> What to do: Every line below from the one containing "have [phi [phiF0" through the one containing "have f0d := FP _ (F0F _ (F1F0 _ F1f0)) d." must be transcribed exactly. Omit all lines outside that stretch.

--------

(* Let $A$ be a set of regular cardinals with no maximum such that $\sup(A)$ is a strong limit cardinal (regular or singular). Then $\operatorname{spec}(A)\setminus\sup(A)\subseteq\operatorname{spec}^*(A)$.
   Context: $\prod A$ is the set of functions $f$ on $A$ with $f(a)\in a$, ordered pointwise. $\operatorname{spec}(A)$ is the set of regular $\lambda$ for which some $\mathcal{F}\subseteq\prod A$ of size $\lambda$ has every $\lambda$-sized subset unbounded in $(\prod A,<)$. For $\mathcal{G}\subseteq\prod A$, $\operatorname{ub}(\mathcal{G})$ is the set of $a\in A$ such that $\{f(a):f\in\mathcal{G}\}$ is unbounded in $a$. $\operatorname{spec}^*(A)$ (the strong part of the Tukey spectrum) is the set of regular $\lambda$ such that there is $\mathcal{F}\subseteq\prod A$ of size $\lambda$ such that for every $\mathcal{F}_0\subseteq\mathcal{F}$ of size $\lambda$, $\operatorname{ub}(\mathcal{F}_0)$ is unbounded in $\sup(A)$. $\operatorname{spec}(A)\setminus\sup(A)$ denotes the members of $\operatorname{spec}(A)$ that are $\geq\sup(A)$. *)

From mathcomp Require Import all_boot.
From mathcomp Require Import boolp classical_sets functions cardinality.
Unset Printing Implicit Defensive.
Local Open Scope classical_set_scope.
Local Open Scope card_scope.

(* Ordinals are modelled as elements of a (strictly) well-ordered type;
   the ordinal represented by [a] is its initial segment [seg lt a]. *)
Definition well_order {T : Type} (lt : T -> T -> Prop) : Prop :=
  (forall x, ~ lt x x) /\
  (forall x y z, lt x y -> lt y z -> lt x z) /\
  (forall x y, lt x y \/ x = y \/ lt y x) /\
  well_founded lt.

Definition leo {T : Type} (lt : T -> T -> Prop) (x y : T) : Prop := lt x y \/ x = y.

Definition seg {T : Type} (lt : T -> T -> Prop) (a : T) : set T := [set x | lt x a].

Definition card_lt {T U : Type} (X : set T) (Y : set U) : Prop :=
  X #<= Y /\ ~ (Y #<= X).

(* [D] (a downward-closed part of a well order, i.e. an ordinal) is a regular
   cardinal: infinite, initial (every proper initial segment is of strictly
   smaller cardinality), and every cofinal subset has full cardinality
   (cf = identity). *)
Definition regular_ord {T : Type} (lt : T -> T -> Prop) (D : set T) : Prop :=
  infinite_set D /\
  (forall x, D x -> card_lt (seg lt x) D) /\
  (forall X : set T, X `<=` D ->
     (forall y, D y -> exists x, X x /\ leo lt y x) -> X #= D).

(* sup(A), as the set of ordinals below it *)
Definition supA {T : Type} (lt : T -> T -> Prop) (A : set T) : set T :=
  \bigcup_(a in A) seg lt a.

Definition strong_limit {T : Type} (S : set T) : Prop :=
  forall Y : set T, Y `<=` S -> card_lt Y S ->
    card_lt [set Z : set T | Z `<=` Y] S.

Definition ProdA {T : Type} (lt : T -> T -> Prop) (A : set T) :
  set ({a : T | A a} -> T) := [set f | forall a, lt (f a) (proj1_sig a)].

Definition lt_prod {T : Type} (lt : T -> T -> Prop) (A : set T)
  (f g : {a : T | A a} -> T) : Prop := forall a, lt (f a) (g a).

Definition unbounded_prod {T : Type} (lt : T -> T -> Prop) (A : set T)
  (G : set ({a : T | A a} -> T)) : Prop :=
  ~ exists g, ProdA lt A g /\ forall f, G f -> @lt_prod T lt A f g.

Definition ub {T : Type} (lt : T -> T -> Prop) (A : set T)
  (G : set ({a : T | A a} -> T)) : set T :=
  [set a | exists h : A a, forall x, lt x a ->
             exists f, G f /\ leo lt x (f (exist _ a h))].

(* lambda (given as a well-ordered type L) is in spec(A) *)
Definition in_spec {T L : Type} (lt : T -> T -> Prop) (A : set T)
  (ltL : L -> L -> Prop) : Prop :=
  regular_ord ltL [set: L] /\
  exists F, F `<=` ProdA lt A /\ F #= [set: L] /\
    forall F0, F0 `<=` F -> F0 #= [set: L] -> @unbounded_prod T lt A F0.

Definition in_spec_star {T L : Type} (lt : T -> T -> Prop) (A : set T)
  (ltL : L -> L -> Prop) : Prop :=
  regular_ord ltL [set: L] /\
  exists F, F `<=` ProdA lt A /\ F #= [set: L] /\
    forall F0, F0 `<=` F -> F0 #= [set: L] ->
      forall x, supA lt A x -> exists a, @ub T lt A F0 a /\ leo lt x a.

From mathcomp Require Import all_boot.
From mathcomp Require Import boolp classical_sets functions cardinality.
Local Open Scope classical_set_scope.
Local Open Scope card_scope.

(* Let F witness that the regular lambda >= sup A is in spec(A), let F0 be a
   subfamily of F of size lambda and x < sup A, and pick a in A above x.  As
   sup A is a strong limit, 2^(2^|a|) < sup A <= lambda, so colouring each f in
   F0 by its restriction to A below x uses fewer than lambda colours, and the
   regularity of lambda gives a subfamily F1 of size lambda whose members all
   agree below x.  If ub(F0) had no point above x, then F1 would be bounded at
   every coordinate d >= x (as d is not in ub(F0)), and also at every d < x
   (the common value lies below the limit ordinal d), so F1 would be bounded,
   contradicting the choice of F. *)

Lemma card_le_fun {T U} {X : set T} {Y : set U} (u0 : U) :
  X #<= Y -> exists f : T -> U, (forall x, X x -> Y (f x)) /\
    (forall x1 x2, X x1 -> X x2 -> f x1 = f x2 -> x1 = x2).
Proof.
move=> /card_leP[g].
pose f x := if pselect (X x) is left Xx then val (g (SigSub (mem_set Xx))) else u0.
exists f; split=> [x Xx|x1 x2 X1 X2].
  by rewrite /f; case: pselect => // ?; exact: set_mem (valP (g _)).
rewrite /f; case: pselect => // X1'; case: pselect => // X2' /val_inj.
by move=> /(@inj _ _ _ g); case/(_ (in_setT _) (in_setT _)).
Qed.

Section WellOrder.
Context {T : Type} {lt : T -> T -> Prop} (WO : well_order lt).

Let ltxx x : ~ lt x x := WO.1 x.
Let lt_trans x y z : lt x y -> lt y z -> lt x z := WO.2.1 x y z.

Lemma not_leo_lt x y : ~ leo lt x y -> lt y x.
Proof.
move=> nxy; have [//|[yx|xy]] := WO.2.2.1 y x; exfalso; apply: nxy.
  by right.
by left.
Qed.

Lemma regular_cofinal_or_bounded (X : set T) : regular_ord lt [set: T] ->
  X #= [set: T] \/ exists y, forall x, X x -> lt x y.
Proof.
move=> [_ [_ cof]].
have [Xcof|/existsNP[y Xy]] := pselect (forall y, exists x, X x /\ leo lt y x).
  by left; apply: cof.
right; exists y => x Xx.
by apply: not_leo_lt => yx; apply: Xy; exists x.
Qed.

Lemma regular_pigeonhole {I : Type} (col : T -> I) (S : set I) :
  regular_ord lt [set: T] -> (forall t, S (col t)) -> ~ ([set: T] #<= S) ->
  exists i, [set t | col t = i] #= [set: T].
Proof.
move=> reg colS TnS; apply: contrapT => /forallNP small.
have /choice[b colb] : forall i, exists y, forall t, col t = i -> lt t y.
  move=> i; have [/small//|//] := regular_cofinal_or_bounded [set t | col t = i] reg.
have [full|[y yb]] := regular_cofinal_or_bounded (b @` range col) reg.
  apply: TnS; have [_ Tb] := (card_eqPle _ _).1 full.
  apply: card_le_trans Tb (card_le_trans (card_image_le _ _) _).
  by apply: subset_card_le => _ [t _ <-]; exact: colS.
apply: (ltxx y); apply: lt_trans (colb _ y erefl) (yb _ _).
exact/imageP/imageP.
Qed.

Lemma regular_seg_limit {a w : T} : regular_ord lt (seg lt a) -> lt w a ->
  exists2 z, lt w z & lt z a.
Proof.
move=> [inf [_ cof]] wa; apply: contrapT => nowz.
have wcof : [set w] #= seg lt a.
  apply: cof => [_ -> //|y ya]; exists w; split=> //.
  by apply: contrapT => /not_leo_lt wy; apply: nowz; exists y.
by apply: inf; rewrite -(eq_finite_set wcof); exact: finite_set1.
Qed.

Lemma pair_set_inj {a b a' b' : T} : lt b a -> lt b' a' ->
  [set a; b] = [set a'; b'] -> a = a' /\ b = b'.
Proof.
move=> ba ba' E.
have aa' : a = a'.
  have : [set a'; b'] a by rewrite -E; left.
  have : [set a; b] a' by rewrite E; left.
  case=> [->//|E1]; case=> [->//|E2]; exfalso; apply: (ltxx a).
  by apply: (lt_trans a a' a); [rewrite {1}E2 | rewrite E1].
subst a'; split=> //.
have : [set a; b'] b by rewrite -E; right.
by case=> // E1; exfalso; apply: (ltxx a); rewrite -{1}E1.
Qed.

End WellOrder.

Section Spectrum.
Context {T : Type} {lt : T -> T -> Prop} {A : set T}.
Hypothesis WO : well_order lt.
Hypothesis regA : forall a, A a -> regular_ord lt (seg lt a).
Hypothesis nomaxA : forall a, A a -> exists b, A b /\ lt a b.
Hypothesis strongA : strong_limit (supA lt A).

Local Notation prodA := (ProdA lt A).
Local Notation supA := (supA lt A).

Lemma subset_ub {G H : set ({a | A a} -> T)} :
  G `<=` H -> ub lt A G `<=` ub lt A H.
Proof.
move=> GH a [h ubG]; exists h => y ya.
by have [f [Gf yf]] := ubG y ya; exists f; split=> //; apply: GH.
Qed.

Lemma not_ub_bounded (G : set ({a | A a} -> T)) (d : {a | A a}) :
  ~ ub lt A G (proj1_sig d) ->
  exists z, lt z (proj1_sig d) /\ forall f, G f -> lt (f d) z.
Proof.
case: d => a h /= nub; apply: contrapT => nbnd; apply: nub; exists h => y ya.
apply: contrapT => nGy; apply: nbnd; exists y; split=> // f Gf.
by apply: (not_leo_lt WO) => yf; apply: nGy; exists f.
Qed.

Lemma pointwise_bounded_prod (G : set ({a | A a} -> T)) :
  (forall d, exists z, lt z (proj1_sig d) /\ forall f, G f -> lt (f d) z) ->
  exists g, prodA g /\ forall f, G f -> lt_prod lt A f g.
Proof.
move=> /choice[g gP]; exists g; split=> [d|f Gf d]; first exact: (gP d).1.
exact: (gP d).2.
Qed.

Lemma seg_card_lt_supA a : A a -> card_lt (seg lt a) supA.
Proof.
move=> Aa; split; first by apply: subset_card_le => y ya; exists a.
have [b [Ab ab]] := nomaxA _ Aa; have [_ nba] := (regA _ Ab).2.1 a ab.
move=> Sa; apply: nba; apply: card_le_trans Sa.
by apply: subset_card_le => y yb; exists b.
Qed.

(* A function below [x] is coded by the set of codes of the pairs [{d, f d}]:
   as [f d < d], such a pair determines both [d] and [f d]. *)
Lemma restriction_coloring x : supA x ->
  exists (Y : set T) (c : ({a | A a} -> T) -> set T),
  [/\ ~ (supA #<= [set C | C `<=` Y]),
      forall f, prodA f -> c f `<=` Y &
      forall f g, prodA f -> prodA g -> c f = c g ->
        forall d, lt (proj1_sig d) x -> f d = g d].
Proof.
case=> a Aa xa.
have [PS nSP] := strongA _ (fun y ya => ex_intro2 _ _ a Aa ya) (seg_card_lt_supA _ Aa).
have [e [eS einj]] := card_le_fun x PS.
pose Y := e @` [set Z | Z `<=` seg lt a].
have YS : Y `<=` supA by move=> _ [Z Za <-]; exact: eS.
have [_ nSY] := strongA _ YS (conj (subset_card_le YS) (fun SY =>
  nSP (card_le_trans SY (card_image_le _ _)))).
have lt_trans := WO.2.1.
have pair_seg f d :
    prodA f -> lt (proj1_sig d) x -> [set proj1_sig d; f d] `<=` seg lt a.
  move=> Pf dx _ [->|->]; first exact: lt_trans _ _ _ dx xa.
  exact: lt_trans _ _ _ (Pf d) (lt_trans _ _ _ dx xa).
pose code (f : {a | A a} -> T) d := e [set proj1_sig d; f d].
exists Y, (fun f => code f @` [set d | lt (proj1_sig d) x]); split=> //.
  by move=> f Pf _ [d dx <-]; exists [set proj1_sig d; f d] => //; apply: pair_seg.
move=> f g Pf Pg cfg d dx.
have : (code g @` [set d | lt (proj1_sig d) x]) (code f d) by rewrite -cfg; exists d.
case=> d' d'x /einj E.
have [/(eq_sig_hprop (fun _ => @Prop_irrelevance _)) dd gf] :=
  pair_set_inj WO (Pg d') (Pf d) (E (pair_seg _ _ Pg d'x) (pair_seg _ _ Pf dx)).
by rewrite -gf dd.
Qed.

Lemma agreeing_subfamily {L : Type} {ltL : L -> L -> Prop} {F0} {x : T} :
  well_order ltL -> regular_ord ltL [set: L] -> supA #<= [set: L] ->
  F0 `<=` prodA -> F0 #= [set: L] -> supA x ->
  exists F1, [/\ F1 `<=` F0, F1 #= [set: L] &
    forall f g d, F1 f -> F1 g -> lt (proj1_sig d) x -> f d = g d].
Proof.
move=> WOL regL SL F0P F0L Sx.
have [Y [c [nSY cY cagree]]] := restriction_coloring _ Sx.
have [phi [phiF0 phiI]] := card_le_fun (fun _ => x) (proj2 ((card_eqPle _ _).1 F0L)).
have [i Li] := regular_pigeonhole WOL (fun l => c (phi l)) [set C | C `<=` Y] regL
  (fun l => cY _ (F0P _ (phiF0 l I))) (fun LY => nSY (card_le_trans SL LY)).
exists (phi @` [set l | c (phi l) = i]); split.
- by move=> _ [l _ <-]; apply: phiF0.
- by apply: card_eq_trans Li; apply: inj_card_eq => l1 l2 _ _; apply: phiI.
- move=> _ _ d [l cl <-] [l' cl' <-] dx.
  by apply: cagree dx; [apply: F0P; apply: phiF0..|rewrite cl cl'].
Qed.

End Spectrum.

Theorem lemma5p3 (T : Type) (lt : T -> T -> Prop) (A : set T) :
  well_order lt ->
  (forall a, A a -> regular_ord lt (seg lt a)) ->
  (forall a, A a -> exists b, A b /\ lt a b) ->
  strong_limit (supA lt A) ->
  forall (L : Type) (ltL : L -> L -> Prop), well_order ltL ->
    in_spec lt A ltL ->
    supA lt A #<= [set: L] ->
    in_spec_star lt A ltL.
Proof.
move=> WO regA nomaxA strongA L ltL WOL [regL [F [FP [FL Funb]]]] SL.
split=> //; exists F; do 2!split=> //; move=> F0 F0F F0L x Sx.
apply: contrapT => /forallNP noub.
have [F1 [F1F0 F1L agree]] :=
  agreeing_subfamily WO regA nomaxA strongA WOL regL SL (subset_trans F0F FP) F0L Sx.
have [f0 F1f0] : F1 !=set0.
  by apply: infinite_setN0; rewrite (eq_finite_set F1L); exact: regL.1.
apply: (Funb F1 (subset_trans F1F0 F0F) F1L); apply: pointwise_bounded_prod => d.
have [dx|ndx] := pselect (lt (proj1_sig d) x).
  have f0d := FP _ (F0F _ (F1F0 _ F1f0)) d.
  have [z f0z zd] := regular_seg_limit WO (regA _ (proj2_sig d)) f0d.
  by exists z; split=> // f F1f; rewrite (agree f f0 d).
apply: (not_ub_bounded WO) => /(subset_ub F1F0) ubd; apply: ndx.
by apply: (not_leo_lt WO) => xd; exact: (noub _ (conj ubd xd)).
Qed.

--------

> Expected answer:
have [phi [phiF0 phiI]] := card_le_fun (fun _ => x) (proj2 ((card_eqPle _ _).1 F0L)).
have [i Li] := regular_pigeonhole WOL (fun l => c (phi l)) [set C | C `<=` Y] regL
  (fun l => cY _ (F0P _ (phiF0 l I))) (fun LY => nSY (card_le_trans SL LY)).
exists (phi @` [set l | c (phi l) = i]); split.
- by move=> _ [l _ <-]; apply: phiF0.
- by apply: card_eq_trans Li; apply: inj_card_eq => l1 l2 _ _; apply: phiI.
- move=> _ _ d [l cl <-] [l' cl' <-] dx.
  by apply: cagree dx; [apply: F0P; apply: phiF0..|rewrite cl cl'].
Qed.

End Spectrum.

Theorem lemma5p3 (T : Type) (lt : T -> T -> Prop) (A : set T) :
  well_order lt ->
  (forall a, A a -> regular_ord lt (seg lt a)) ->
  (forall a, A a -> exists b, A b /\ lt a b) ->
  strong_limit (supA lt A) ->
  forall (L : Type) (ltL : L -> L -> Prop), well_order ltL ->
    in_spec lt A ltL ->
    supA lt A #<= [set: L] ->
    in_spec_star lt A ltL.
Proof.
move=> WO regA nomaxA strongA L ltL WOL [regL [F [FP [FL Funb]]]] SL.
split=> //; exists F; do 2!split=> //; move=> F0 F0F F0L x Sx.
apply: contrapT => /forallNP noub.
have [F1 [F1F0 F1L agree]] :=
  agreeing_subfamily WO regA nomaxA strongA WOL regL SL (subset_trans F0F FP) F0L Sx.
have [f0 F1f0] : F1 !=set0.
  by apply: infinite_setN0; rewrite (eq_finite_set F1L); exact: regL.1.
apply: (Funb F1 (subset_trans F1F0 F0F) F1L); apply: pointwise_bounded_prod => d.
have [dx|ndx] := pselect (lt (proj1_sig d) x).
  have f0d := FP _ (F0F _ (F1F0 _ F1f0)) d.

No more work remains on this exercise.